I first had Achilles issues after doing a duathlon last August.
Mrs FD immediately wanted me to wear a walker boot thing. At first I thought it was OTT. In hindsight I wish I had.
I had got rid of it, but then I started doing weekly track sessions 3 months ago which changed / made things work.
Now its lost of stretching, heal raises, sports massage (not on the Achilles), using a ball to massage the underside of my foot.
Riding a bike is fine, I have run probably 10 miles in 2 months 😕 but it is getting better
I think the imflamed bit of muscle above my achilles is making it hurt more, the achilles is tender to touch for sure but not painful as much as the muscle is.
Whats a walker boot? (surely not an actual walking boot i.e. for hiking?)
http://www.runningwritings.com/2011/09/injury-series-flat-eccentric-heel-drops.html
http://www.runningwritings.com/2013/11/achilles-tendonitis-in-runners.html
These may be worth reading,he quotes a lot of studies and appears to know what he is talking about,I am following his recommended protocol for patellar tendonitis with good results so far.
@Finbar. Thats interesting. Are the exercises mutually exclusive, eccentric and concentric? Concentric have the benefit of of a calf workout.
I guess there's no reason not to do them both, though I think the reason eccentric ones are usually recommended is that concentric put more stress on the Achilles, which won't be ideal if you are in the early stages of recovery.
If the achilles is partially torn then yes, beasting it with weights is your friend. If, however, it is bursitis (chronic nature and no mention of trauma indicates a possible yes here) then you may be making it worse.
Interesting - thanks. How would one go about treating it if it were bursitis?
Are you sure its insertional?
I have a long standing achilles problem (which isn't insertional) and I have poor range of motion round the ankle. I also have a stiff big toe joint which seems to encourage my ankle to roll outwards when doing heel raises.
Having done a number of different stretches, toe mobilisation and static soleus strengthening exercises I'm seeing big differences already.
I also increased the heel drop in my road shoes (4mm to 12mm) but the improvements were already happening before then.

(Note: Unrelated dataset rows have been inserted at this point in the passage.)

(* A frame condition implies the corresponding JD condition because joins are
   unique, finite joins in a distributive lattice are distributive, and the
   kappa-conditions only get weaker as kappa decreases.  For regular lambda < kappa, the subsets of lambda + 1 of size
   < lambda together with the whole set form a lambda-frame (by regularity),
   yet there the lambda singletons {l} join to the top while each of them meets
   the extra point trivially, so it is not kappa-JD.  The chain omega + omega^op
   is JID, as is every chain, but its initial omega has no join.
   For (iv) one needs a regular cardinal above any set S.  Take U with
   |S|, aleph_0 <= |U| = |U x U| = |U + 1|, well-order the power set of U and
   cut it at the least initial segment K that does not inject into U.  Every
   well-order whose proper initial segments inject into U embeds into K by
   transfinite recursion, since at most |U| values are bounded in K.  Hence U
   injects into K, every subset of K smaller than K injects into U, and K is
   regular because |U x U| = |U|. *)

From HB Require Import structures.
From mathcomp Require Import all_boot all_order.
From mathcomp Require Import boolp classical_sets functions cardinality wochoice.
From mathcomp Require Import zify.
From Stdlib Require Import Inverse_Image.
Set Implicit Arguments. Unset Strict Implicit. Unset Printing Implicit Defensive.
Import Order.TTheory.

Local Open Scope classical_set_scope.
Local Open Scope card_scope.

(** * Cardinal bounds from injections *)

Lemma set_inj_card_le T U (A : set T) (B : set U) (f : T -> U) :
  set_fun A B f -> set_inj A f -> A #<= B.
Proof.
move=> fAB finj; have [g] : $|{injfun A >-> B}| by apply/injfunPex; exists f.
exact: inj_card_le.
Qed.

Lemma card_le_set_inj T U (u0 : U) (A : set T) (B : set U) :
  A #<= B -> exists2 f : T -> U, set_fun A B f & set_inj A f.
Proof.
pose V : pointedType := HB.pack {classic U} (isPointed.Build {classic U} u0).
by move=> /(@pcard_leP _ V) /injfunPex.
Qed.

Lemma card_lt_le_trans T U V (S : set T) (A : set U) (B : set V) :
  card_lt S A -> A #<= B -> card_lt S B.
Proof.
move=> [SA nAS] AB; split; first exact: card_le_trans SA AB.
by move=> BS; apply: nAS; exact: card_le_trans AB BS.
Qed.

Lemma card_le_lt_trans T U V (A : set T) (B : set U) (C : set V) :
  A #<= B -> card_lt B C -> card_lt A C.
Proof.
move=> AB [BC nCB]; split; first exact: card_le_trans AB BC.
by move=> CA; apply: nCB; exact: card_le_trans CA AB.
Qed.

Lemma not_card_le_powerset U : ~ ([set: set U] #<= [set: U]).
Proof.
move=> PU; have [u0 _] : [set: U] !=set0.
  apply/set0P/negP => /eqP U0; move: PU; rewrite U0 => /card_le0P.
  by move=> /(congr1 (@^~ set0)) /= <-.
have [f _ finj] := card_le_set_inj u0 PU.
pose D := [set u | exists2 A, f A = u & ~ A u].
have DfD : ~ D (f D).
  by move=> DfD; case: (DfD) => A /(finj _ _ (in_setT A) (in_setT D)) ->; apply.
by apply: (DfD); exists D.
Qed.

Lemma card_le_bigcup I T U (u0 : U) (X : set I) (F : I -> set T) :
  [set: U * U] #<= [set: U] -> X #<= [set: U] ->
  (forall i, X i -> F i #<= [set: U]) -> \bigcup_(i in X) F i #<= [set: U].
Proof.
move=> UxU_U XU FU; apply: card_le_trans UxU_U.
have [->|/set0P[_ [i0 _ _]]] := eqVneq (\bigcup_(i in X) F i) set0.
  exact: card_ge0.
have [g _ ginj] := card_le_set_inj u0 XU.
have /choice[f finj] : forall i, exists f : T -> U, X i -> set_inj (F i) f.
  move=> i; have [/FU/(card_le_set_inj u0)[f _ finj]|nXi] := pselect (X i).
    by exists f => _.
  by exists (fun=> u0) => /nXi.
have /choice[idx idxP] : forall x, exists i,
    (\bigcup_(i in X) F i) x -> X i /\ F i x.
  move=> x; have [[i Xi Fix]|nx] := pselect ((\bigcup_(i in X) F i) x).
    by exists i => _.
  by exists i0 => /nx.
apply: (@set_inj_card_le _ _ _ _ (fun x => (g (idx x), f (idx x) x))) => //.
move=> x y /set_mem/idxP[Xx Fx] /set_mem/idxP[Xy Fy] [/ginj idxE].
rewrite -idxE ?in_setE // in Fy *; apply: finj; rewrite ?in_setE //.
Qed.

Lemma card_le_setU1 T U (u0 : U) (A : set T) (a : T) :
  [set: option U] #<= [set: U] -> A #<= [set: U] -> a |` A #<= [set: U].
Proof.
move=> optU_U AU; apply: card_le_trans optU_U.
have [f _ finj] := card_le_set_inj u0 AU.
pose g x := if pselect (x = a) then None else Some (f x).
apply: (@set_inj_card_le _ _ _ _ g) => // x y /set_mem Ax /set_mem Ay; rewrite /g.
case: pselect => [xa|xa]; case: pselect => [ya|ya].
- by move=> _; rewrite xa ya.
- by [].
- by [].
move=> [fxy]; apply: finj fxy; rewrite in_setE.
  by case: Ax => // /xa.
by case: Ay => // /ya.
Qed.

(** * Well-orderings and regular cardinals *)

Definition well_ordering T (lt : T -> T -> Prop) : Prop :=
  [/\ forall x, ~ lt x x, forall x y z, lt x y -> lt y z -> lt x z,
      forall x y, [\/ lt x y, x = y | lt y x] & well_founded lt].

Lemma well_ordering_exists T : exists lt : T -> T -> Prop, well_ordering lt.
Proof.
suff [lt ltwo] : exists lt : {classic T} -> _ -> Prop, well_ordering lt.
  by exists lt.
have [R /(withinW (A := predT)) Rwo] := well_ordering_principle {classic T}.
have Rtotal := wo_chainW Rwo; have Rrefl := wo_chain_reflexive Rwo.
have Ranti := wo_chain_antisymmetric Rwo.
have Rmin (A : {pred {classic T}}) :
    nonempty A -> exists m, m \in A /\ {in A, forall x, R m x}.
  by move=> /(Rwo A (fun _ _ => isT)) [m [[Am lbm] _]]; exists m.
exists (fun x y => ~~ R y x); split.
- by move=> x; rewrite Rrefl.
- move=> x y z /negP Ryx /negP Rzy; apply/negP => Rzx.
  have [|m [+ lbm]] := Rmin [mem [:: x; y; z]]; first by exists x; rewrite inE eqxx.
  rewrite !inE => /or3P[] /eqP mE; subst m.
  + have xz : x = z by apply: Ranti; rewrite // Rzx lbm // !inE eqxx !orbT.
    by subst z; apply: Rzy; rewrite lbm // !inE eqxx orbT.
  + by apply: Ryx; rewrite lbm // inE eqxx.
  + by apply: Rzy; rewrite lbm // !inE eqxx orbT.
- move=> x y; have [->|nxy] := eqVneq x y; first by constructor 2.
  have /orP[Rxy|Ryx] := Rtotal x y isT isT.
    by constructor 1; apply/negP => Ryx; rewrite (Ranti x y) ?Rxy ?Ryx ?eqxx in nxy.
  by constructor 3; apply/negP => Rxy; rewrite (Ranti x y) ?Rxy ?Ryx ?eqxx in nxy.
- move=> x; apply: contrapT => nacc.
  have [|m [+ lbm]] := Rmin [pred y | `[< ~ Acc (fun a b => ~~ R b a) y >]].
    by exists x; rewrite inE.
  rewrite inE; apply; constructor => y /negP Rmy.
  by apply: contrapT => nacc'; apply: Rmy; rewrite lbm // inE.
Qed.

Lemma well_ordering_inj T V (f : T -> V) (lt : V -> V -> Prop) :
  injective f -> well_ordering lt -> well_ordering (fun x y => lt (f x) (f y)).
Proof.
move=> finj [irr tr tri wf]; split.
- by move=> x; apply: irr.
- by move=> x y z; apply: tr.
- by move=> x y; case: (tri (f x) (f y)) => [?|/finj->|?]; constructor.
- exact: wf_inverse_image.
Qed.

Lemma well_founded_min T (lt : T -> T -> Prop) (P : T -> Prop) x :
  well_founded lt -> P x -> exists m, P m /\ forall y, P y -> ~ lt y m.
Proof.
move=> wf Px; apply: contrapT => nomin; elim: (wf x) Px => y _ IH Py.
by apply: nomin; exists y; split => // z Pz /IH; apply.
Qed.

Section SuccessorCardinal.
Variables (U : Type) (u0 : U) (K : Type) (ltK : K -> K -> Prop).
Hypotheses (UxU_le_U : [set: U * U] #<= [set: U])
  (optionU_le_U : [set: option U] #<= [set: U]).
Hypothesis ltK_wo : well_ordering ltK.
Hypothesis segment_le_U : forall k, [set k' | ltK k' k] #<= [set: U].
Hypothesis K_not_le_U : ~ ([set: K] #<= [set: U]).

Lemma card_le_bounded (Z : set K) :
  Z #<= [set: U] -> exists k, forall z, Z z -> ltK z k.
Proof.
move=> ZU; apply: contrapT => unbounded; apply: K_not_le_U.
have ZsegU : \bigcup_(z in Z) (z |` [set k | ltK k z]) #<= [set: U].
  by apply: card_le_bigcup ZU _ => // z _; exact: card_le_setU1.
apply: card_le_trans ZsegU; apply: subset_card_le => k _.
apply: contrapT => nk; apply: unbounded; exists k => z Zz.
have [_ _ tri _] := ltK_wo.
by case: (tri z k) => // [zk|kz]; exfalso; apply: nk; exists z => //; [left|right].
Qed.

What does insertional pain mean?
Insertional is where the tendon is damaged / painful at the point it connects to the bone
Having done a number of different stretches, toe mobilisation and static soleus strengthening exercises I'm seeing big differences already
Thats interesting could you share them??
What does insertional pain mean?
As Pieface says. Its as oppose to the part of the tendon above which is clearly visible and apparently responds to different treatments.
To stretch my soleus I have a thin version of a thera-band, basically a large heavy duty elastic band. I put one end under the sofa leg and the other around my ankle, right at the point where my tibia(?) joins my foot / underneath the bones on the outsides of my ankle. I step forward until there's quite a bit of tension in the band. I then bend forward at the knee / squat with the affected leg to try and increase the range of motion at the ankle. Imagine your stood with your toes about 6cm away from a door frame and try to get your knee to touch the door frame without your heel lifting. The purpose of the band is to pull the joint apart slightly thus increasing the stretch - I'm sceptical about how much deflection in the joint this creates but it seems to be doing the job.

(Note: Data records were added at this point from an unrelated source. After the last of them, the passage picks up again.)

(* Let $\mathcal P$ be a Fitting program over a bilattice $\mathcal B$ and $\alpha\in\{\mathcal F,\mathcal T,\mathcal U,\mathcal I\}$. Then the operator $\Psi'^{\alpha}_{\mathcal P}:\mathcal V(\mathcal B)\to\mathcal V(\mathcal B)$ is monotonic under $\le_k$ and anti-monotonic under $\le_t$.
   Context: A bilattice $\langle\mathcal B,\le_t,\le_k\rangle$ is a nonempty set with two partial orders, each making $\mathcal B$ a lattice with top and bottom. Under $\le_t$, meet and join are $\wedge,\vee$ (infinitary $\bigwedge,\bigvee$), bottom $\mathcal F$, top $\mathcal T$; under $\le_k$, meet and join are $\otimes,\oplus$ (infinitary $\bigotimes,\bigoplus$), bottom $\mathcal U$, top $\mathcal I$. Standing assumptions: $\mathcal B$ is complete for both orders, infinitely distributive, satisfies the infinitary interlacing conditions (each of $\wedge,\vee,\otimes,\oplus$ and their infinitary versions is monotone with respect to both orderings), and has a negation $\neg$ (an involution reversing $\le_t$ and preserving $\le_k$). A formula is built from literals ($A$ or $\neg A$, $A$ an atom) and elements of $\mathcal B$ using $\wedge,\vee,\otimes,\oplus,\exists,\forall$ (with a built-in predicate $equal$). A clause is $P(x_1,\dots,x_n)\leftarrow\phi(x_1,\dots,x_n)$ with the body's free variables among $x_1,\dots,x_n$. A Fitting program is a finite set of clauses with no predicate letter heading more than one clause; Inst-$\mathcal P$ is the set of ground instances. $\mathcal V(\mathcal B)$ is the set of maps from ground atoms to $\mathcal B$ with pointwise orders and operations. Valuations extend to closed formulas compositionally ($v(\beta)=\beta$ for $\beta\in\mathcal B$, connectives pointwise, $\exists$ as $\bigvee$ and $\forall$ as $\bigwedge$ over closed-term instances, $v(equal(s,t))=\mathcal T$ if $s=t$ else $\mathcal F$). The contrajoin $v\bigtriangleup w$ evaluates closed formulas likewise except that positive literals $A$ get $v(A)$ and negative literals $\neg A$ get $\neg w(A)$. $\Psi_{\mathcal P}^{\alpha}(v,w)(A)=\alpha$ if $A$ heads no member of Inst-$\mathcal P$, and $=(v\bigtriangleup w)(B)$ if $A\leftarrow B\in$ Inst-$\mathcal P$. Let $v_\alpha$ be the constant valuation with value $\alpha$. For $v\in\mathcal V(\mathcal B)$, $\Psi'^{\alpha}_{\mathcal P}(v)$ is the limit of the transfinite sequence $a_0=v_\alpha$, $a_{n+1}=\Psi_{\mathcal P}^{\alpha}(a_n,v)$, and for limit ordinals $\lambda$, $a_\lambda=\bigvee_{n<\lambda}\Psi_{\mathcal P}^{\alpha}(a_n,v)$ if $\alpha=\mathcal F$, $\bigwedge_{n<\lambda}$ if $\alpha=\mathcal T$, $\bigoplus_{n<\lambda}$ if $\alpha=\mathcal U$, $\bigotimes_{n<\lambda}$ if $\alpha=\mathcal I$. Equivalently, $\Psi'^{\alpha}_{\mathcal P}(v)$ is the $\le_t$-least (resp. $\le_t$-greatest, $\le_k$-least, $\le_k$-greatest) fixpoint of $x\mapsto\Psi_{\mathcal P}^{\alpha}(x,v)$ for $\alpha=\mathcal F$ (resp. $\mathcal T,\mathcal U,\mathcal I$). *)

From Stdlib Require Import List Classical ClassicalEpsilon.
Import ListNotations.

Definition classicb (P : Prop) : bool :=
  if excluded_middle_informative P then true else false.

(** The four (infinitary) operations: t-meet (/\), t-join (\/),
    k-meet (otimes), k-join (oplus). *)
Inductive bop := Tmeet | Tjoin | Kmeet | Kjoin.

Record bilattice := Bilattice {
  bcar : Type;
  le_t : bcar -> bcar -> Prop;
  le_k : bcar -> bcar -> Prop;
  bigmeet_t : (bcar -> Prop) -> bcar;
  bigjoin_t : (bcar -> Prop) -> bcar;
  bigmeet_k : (bcar -> Prop) -> bcar;
  bigjoin_k : (bcar -> Prop) -> bcar;
  bneg : bcar -> bcar }.

Definition big (B : bilattice) (o : bop) : (bcar B -> Prop) -> bcar B :=
  match o with
  | Tmeet => bigmeet_t B | Tjoin => bigjoin_t B
  | Kmeet => bigmeet_k B | Kjoin => bigjoin_k B end.

Definition pairset {T : Type} (a b : T) : T -> Prop := fun x => x = a \/ x = b.
Definition emptyset {T : Type} : T -> Prop := fun _ => False.
Definition image {I T : Type} (f : I -> T) : T -> Prop := fun x => exists i, f i = x.

Definition bin (B : bilattice) (o : bop) (a b : bcar B) : bcar B := big B o (pairset a b).

Definition bF (B : bilattice) : bcar B := bigjoin_t B emptyset.
Definition bT (B : bilattice) : bcar B := bigmeet_t B emptyset.
Definition bU (B : bilattice) : bcar B := bigjoin_k B emptyset.
Definition bI (B : bilattice) : bcar B := bigmeet_k B emptyset.

Definition partial_order {T : Type} (le : T -> T -> Prop) : Prop :=
  (forall a, le a a) /\ (forall a b, le a b -> le b a -> a = b) /\
  (forall a b c, le a b -> le b c -> le a c).

Definition is_lub {T : Type} (le : T -> T -> Prop) (S : T -> Prop) (x : T) : Prop :=
  (forall y, S y -> le y x) /\ (forall z, (forall y, S y -> le y z) -> le x z).
Definition is_glb {T : Type} (le : T -> T -> Prop) (S : T -> Prop) (x : T) : Prop :=
  (forall y, S y -> le x y) /\ (forall z, (forall y, S y -> le z y) -> le z x).

Record bilattice_axioms (B : bilattice) : Prop := {
  ax_po_t : partial_order (le_t B);
  ax_po_k : partial_order (le_k B);
  ax_meet_t : forall S, is_glb (le_t B) S (bigmeet_t B S);
  ax_join_t : forall S, is_lub (le_t B) S (bigjoin_t B S);
  ax_meet_k : forall S, is_glb (le_k B) S (bigmeet_k B S);
  ax_join_k : forall S, is_lub (le_k B) S (bigjoin_k B S);
  ax_distr : forall (o1 o2 : bop) (a : bcar B) (S : bcar B -> Prop),
      o1 <> o2 -> (exists s, S s) ->
      bin B o1 a (big B o2 S) = big B o2 (fun y => exists s, S s /\ y = bin B o1 a s);
  ax_interlace_t : forall o a a' b b', le_t B a a' -> le_t B b b' ->
      le_t B (bin B o a b) (bin B o a' b');
  ax_interlace_k : forall o a a' b b', le_k B a a' -> le_k B b b' ->
      le_k B (bin B o a b) (bin B o a' b');
  ax_big_interlace_t : forall o (I : Type) (f g : I -> bcar B),
      (forall i, le_t B (f i) (g i)) -> le_t B (big B o (image f)) (big B o (image g));
  ax_big_interlace_k : forall o (I : Type) (f g : I -> bcar B),
      (forall i, le_k B (f i) (g i)) -> le_k B (big B o (image f)) (big B o (image g));
  ax_neg_invol : forall a, bneg B (bneg B a) = a;
  ax_neg_t : forall a b, le_t B a b -> le_t B (bneg B b) (bneg B a);
  ax_neg_k : forall a b, le_k B a b -> le_k B (bneg B a) (bneg B b) }.

Record signature := Signature {
  fsym : Type; farity : fsym -> nat;
  psym : Type; parity : psym -> nat }.

Inductive term (F : Type) : Type :=
| Var (x : nat)
| App (f : F) (ts : list (term F)).
Arguments Var {F} x.
Arguments App {F} f ts.

Fixpoint wf_term (S : signature) (t : term (fsym S)) : Prop :=
  match t with
  | Var _ => True
  | App f ts => length ts = farity S f /\
      (fix all (l : list (term (fsym S))) : Prop :=
         match l with [] => True | u :: l' => wf_term S u /\ all l' end) ts
  end.

Fixpoint ground (S : signature) (t : term (fsym S)) : Prop :=
  match t with
  | Var _ => False
  | App f ts => length ts = farity S f /\
      (fix all (l : list (term (fsym S))) : Prop :=
         match l with [] => True | u :: l' => ground S u /\ all l' end) ts
  end.

Record gatom (S : signature) := GAtom {
  ga_pred : psym S;
  ga_args : list (term (fsym S));
  ga_wf : length ga_args = parity S ga_pred /\ Forall (ground S) ga_args }.
Arguments ga_pred {S} _.
Arguments ga_args {S} _.

Definition valuation (S : signature) (B : bilattice) := gatom S -> bcar B.

Definition vle_t {S B} (v w : valuation S B) : Prop := forall A, le_t B (v A) (w A).
Definition vle_k {S B} (v w : valuation S B) : Prop := forall A, le_k B (v A) (w A).

(** Formulas. [FNeqLit] is the negative literal of the built-in [equal]. *)
Inductive formula (S : signature) (B : bilattice) : Type :=
| FPos (p : psym S) (ts : list (term (fsym S)))
| FNeg (p : psym S) (ts : list (term (fsym S)))
| FConst (b : bcar B)
| FAnd (phi psi : formula S B)
| FOr (phi psi : formula S B)
| FOtimes (phi psi : formula S B)
| FOplus (phi psi : formula S B)
| FEx (x : nat) (phi : formula S B)
| FAll (x : nat) (phi : formula S B)
| FEq (s t : term (fsym S))
| FNeqLit (s t : term (fsym S)).
Arguments FPos {S B}. Arguments FNeg {S B}. Arguments FConst {S B}.
Arguments FAnd {S B}. Arguments FOr {S B}. Arguments FOtimes {S B}.
Arguments FOplus {S B}. Arguments FEx {S B}. Arguments FAll {S B}.
Arguments FEq {S B}. Arguments FNeqLit {S B}.

Fixpoint term_vars {F : Type} (t : term F) : list nat :=
  match t with
  | Var x => [x]
  | App _ ts => (fix vs (l : list (term F)) : list nat :=
                   match l with [] => [] | u :: l' => term_vars u ++ vs l' end) ts
  end.

Fixpoint free_in {S B} (x : nat) (phi : formula S B) : Prop :=
  match phi with
  | FPos _ ts | FNeg _ ts => exists t, In t ts /\ In x (term_vars t)
  | FConst _ => False
  | FAnd a b | FOr a b | FOtimes a b | FOplus a b => free_in x a \/ free_in x b
  | FEx y a | FAll y a => x <> y /\ free_in x a
  | FEq s t | FNeqLit s t => In x (term_vars s) \/ In x (term_vars t)
  end.

Fixpoint wf_formula {S B} (phi : formula S B) : Prop :=
  match phi with
  | FPos p ts | FNeg p ts => length ts = parity S p /\ Forall (wf_term S) ts
  | FConst _ => True
  | FAnd a b | FOr a b | FOtimes a b | FOplus a b => wf_formula a /\ wf_formula b
  | FEx _ a | FAll _ a => wf_formula a
  | FEq s t | FNeqLit s t => wf_term S s /\ wf_term S t
  end.

Record clause (S : signature) (B : bilattice) := Clause {
  c_head : psym S;
  c_params : list nat;
  c_body : formula S B }.
Arguments c_head {S B} _. Arguments c_params {S B} _. Arguments c_body {S B} _.

Definition wf_clause {S B} (c : clause S B) : Prop :=
  length (c_params c) = parity S (c_head c) /\ NoDup (c_params c) /\
  wf_formula (c_body c) /\ (forall x, free_in x (c_body c) -> In x (c_params c)).

Definition program (S : signature) (B : bilattice) := list (clause S B).

Definition fitting_program {S B} (P : program S B) : Prop :=
  Forall wf_clause P /\ NoDup (map c_head P).

Fixpoint inst {F : Type} (rho : nat -> term F) (t : term F) : term F :=
  match t with
  | Var x => rho x
  | App f ts => App f ((fix im (l : list (term F)) : list (term F) :=
                          match l with [] => [] | u :: l' => inst rho u :: im l' end) ts)
  end.

Definition upd {F : Type} (rho : nat -> term F) (x : nat) (t : term F) : nat -> term F :=
  fun y => if Nat.eqb y x then t else rho y.

Definition atom_val {S B} (v : valuation S B) (p : psym S) (us : list (term (fsym S)))
  : bcar B :=
  match excluded_middle_informative
          (length us = parity S p /\ Forall (ground S) us) with
  | left H => v (GAtom S p us H)
  | right _ => bF B   (* never reached for well-formed closed formulas *)
  end.

Definition eq_val {S B} (s t : term (fsym S)) : bcar B :=
  if excluded_middle_informative (s = t) then bT B else bF B.

(** [contra v w rho phi] is the contrajoin (v /\triangle w) evaluated at the
    closed formula phi[rho] (rho is the simultaneous substitution applied). *)
Fixpoint contra {S B} (v w : valuation S B) (rho : nat -> term (fsym S))
    (phi : formula S B) : bcar B :=
  match phi with
  | FPos p ts => atom_val v p (map (inst rho) ts)
  | FNeg p ts => bneg B (atom_val w p (map (inst rho) ts))
  | FConst b => b
  | FAnd a b => bin B Tmeet (contra v w rho a) (contra v w rho b)
  | FOr a b => bin B Tjoin (contra v w rho a) (contra v w rho b)
  | FOtimes a b => bin B Kmeet (contra v w rho a) (contra v w rho b)
  | FOplus a b => bin B Kjoin (contra v w rho a) (contra v w rho b)
  | FEx x a => bigjoin_t B (fun y => exists t, ground S t /\ y = contra v w (upd rho x t) a)
  | FAll x a => bigmeet_t B (fun y => exists t, ground S t /\ y = contra v w (upd rho x t) a)
  | FEq s t => eq_val (inst rho s) (inst rho t)
  | FNeqLit s t => bneg B (eq_val (inst rho s) (inst rho t))
  end.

Toe mobilisation, basically pull the toe away from the foot and move it up and down / sideways etc. =
Physio did an endurance test based on bent knee heel raises, my problem leg is much weaker. I've started by standing on one foot with my knee bent. He says as its not insertional I can have heel dropped / flat etc. (with insertional if you drop the heel below horizontal it puts undue strain on the aggravation point). Progression on this (after holding for 3 minutes) is to put weights in a rucksack, eventually I can introduce raises.
I'm thinking more and more that my injury is caused by an unstable ankle joint and the achilles is being strained through my calves over-compensating as the day afer doing the exercises its the tendons / fibres around the ankle joint that feel worked rather than anything else.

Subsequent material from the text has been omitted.